In this embodiment, the grabbing mechanism 3 includes a first manipulator 301, the first manipulator 301 is installed on a lower plate 302, a vertical plate 303 is vertically arranged at one end of the lower plate 302, an upper plate 304 is installed on the top of the vertical plate 303, the upper plate 304, the vertical plate 303 and the lower plate 302 are spliced to form a U-shaped structure, the upper plate 304 is fixed on a sliding block of an X-direction linear module 305, the X-direction linear module 305 is fixed on the upper end of an L-direction plate 306, the lower end of the L-direction plate 306 is fixed on a sliding block of a first Z-direction linear module 307, the first Z-direction linear module 307 is vertically installed on a rack 308, and the rack 308 is fixed on the workbench 2. Snatch mechanism 3 is used for snatching sample box 9 and drives sample box 9 and move in vertical direction and/or fore-and-aft direction, has the advantage that job stabilization is reliable, degree of automation is high, work efficiency is high.

In this embodiment, the positioning mechanism 4 includes a placing plate 401 for placing a sample box 9, a plurality of placing grooves are uniformly arranged on the sample box 9, a freezing tube is placed in each placing groove, first sliders 402 are respectively installed at two ends of the lower surface of the placing plate 401, the two first sliders 402 are respectively arranged on corresponding first sliding rails 403, the two first sliding rails 403 are respectively fixed on corresponding first cushion blocks 404, the two first cushion blocks 404 are respectively fixed at two ends of a first moving plate 405, one of the first cushion blocks 404 is provided with a first rack 406, the first rack 406 is engaged with a first gear 407, the first gear 407 is installed on an output shaft of a first motor 408, and the first motor 408 is fixed on the upper surface of the placing plate 401.

In this embodiment, the two ends of the lower surface of the first moving plate 405 are respectively provided with a second slider 409, the two second sliders 409 are both disposed on corresponding second sliding rails 410, the two second sliding rails 410 are respectively fixed at the two ends of the first bottom plate 411, the first bottom plate 411 is provided with a second motor 412, the second motor 412 is located between the two guide rails 410, the output shaft of the second motor 412 is connected with a first lead screw 413, the two ends of the first lead screw 413 are respectively fixed on the first shaft support 414, the first lead screw 413 is sleeved with a first lead screw nut 415, the first lead screw nut 415 is fixed on the first connecting block 416, and the first connecting block 416 is fixed on the lower surface of the first moving plate 405. Positioning mechanism 4 is used for driving sample box 9 around and the left and right sides direction motion, has improved sample box 9's location convenience, has the advantage that job stabilization is reliable, degree of automation is high, work efficiency is high.

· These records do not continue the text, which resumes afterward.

(* The right-hand sides of the SIR system add up to 0, so N = x + y + z is constant; x and y
   have nonpositive delta derivatives, so both decrease to limits alpha and L, and z tends to
   N - alpha - L.  If L > 0 then z^Delta = c y^sigma >= c L would push z above N, hence L = 0.
   For alpha > 0: the ratio x / y has delta derivative (c - b) x / y, so it grows at least
   linearly and (c - b) x(t1) > b y(t1) for some t1; and x - b / (c - b) y has the nonnegative
   delta derivative b c y^sigma y / ((c - b) (x + y)), so alpha >= x(t1) - b / (c - b) y(t1) > 0.
   The monotonicity of functions with nonnegative delta derivative comes from the induction
   principle for time scales. *)

From Stdlib Require Import Reals Lra Classical.
From Coquelicot Require Import Coquelicot.
Open Scope R_scope.

Lemma Rabs_sub3_le a b c : Rabs (a - b - c) <= Rabs a + Rabs b + Rabs c.
Proof.
  unfold Rminus. rewrite <- (Rabs_Ropp b), <- (Rabs_Ropp c).
  eapply Rle_trans; [apply Rabs_triang|]. pose proof (Rabs_triang a (- b)). lra.
Qed.

Lemma is_lub_approx (E : R -> Prop) m d :
  is_lub E m -> 0 < d -> exists r, E r /\ m - d < r <= m.
Proof.
  intros [Hub Hlub] Hd. apply NNPP. intros Hn.
  enough (m <= m - d) by lra.
  apply Hlub. intros r Er. apply Rnot_lt_le. intros Hr.
  apply Hn. exists r. split; [|split]; auto; lra.
Qed.

Lemma within_locally_iff (T : R -> Prop) t (P : R -> Prop) :
  within T (locally t) P <->
  exists d, 0 < d /\ forall s, T s -> Rabs (s - t) < d -> P s.
Proof.
  split.
  - intros [d Hd]. exists d. split; [apply cond_pos|]. intros s Hs Hst. now apply Hd.
  - intros [d [Hd HP]]. exists (mkposreal d Hd). intros s Hst Hs. now apply HP.
Qed.

Lemma within_locally_Rabs (T : R -> Prop) t r :
  0 < r -> within T (locally t) (fun s => Rabs (s - t) < r).
Proof. intros Hr. apply within_locally_iff. now exists r. Qed.

Section RealFilterlim.

Context {U : Type} {F : (U -> Prop) -> Prop} {FF : Filter F}.

Lemma filterlim_locally_Rabs (f : U -> R) a eps :
  filterlim f F (locally a) -> 0 < eps -> F (fun s => Rabs (f s - a) < eps).
Proof. intros Hf He. exact (proj1 (filterlim_locally f a) Hf (mkposreal eps He)). Qed.

Lemma filterlim_neq0 (g : U -> R) b :
  filterlim g F (locally b) -> b <> 0 -> F (fun s => g s <> 0).
Proof.
  intros Hg Hb. generalize (filterlim_locally_Rabs g b _ Hg (Rabs_pos_lt _ Hb)).
  apply filter_imp. intros s Hs Hs0. rewrite Hs0, Rminus_0_l, Rabs_Ropp in Hs. lra.
Qed.

Lemma filterlim_div (f g : U -> R) a b :
  filterlim f F (locally a) -> filterlim g F (locally b) -> b <> 0 ->
  filterlim (fun s => f s / g s) F (locally (a / b)).
Proof.
  intros Hf Hg Hb.
  apply (filterlim_comp_2 (H := locally (/ b)) f (fun s => / g s) Rmult Hf).
  - eapply filterlim_comp; [exact Hg|].
    apply (filterlim_Rbar_inv (Finite b)). intros E. apply Hb. now injection E.
  - exact (filterlim_mult (K := R_AbsRing) a (/ b)).
Qed.

End RealFilterlim.

Section ForwardJump.

Variable T : R -> Prop.
Hypothesis hT : time_scale T.
Hypothesis hunb : unbounded_above T.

In this embodiment, the lifting mechanism 5 includes a hollow cylinder 501, a cover plate 502 is disposed on the top of the cylinder 501, a first opening 503 is disposed at the upper end of the cylinder 501, the first opening 503 is located above the workbench 2, a second opening 504 is disposed at the bottom of the cylinder 501, a circular lifting plate 505 is disposed in the cylinder 501, a supporting column 506 is disposed at the bottom of the circular lifting plate 505, the bottom of the supporting column 506 is fixed on an L-shaped supporting plate 507, the L-shaped supporting plate 507 is mounted on a slider of a second Z-direction linear module 508, the second Z-direction linear module 508 is fixed on a module mounting plate 509, and the module mounting plate 509 is vertically fixed on the lower surface of the workbench 2. Elevating system 5 is used for driving sample box 9 and moves in the vertical direction, has the advantage that job stabilization is reliable, degree of automation is high.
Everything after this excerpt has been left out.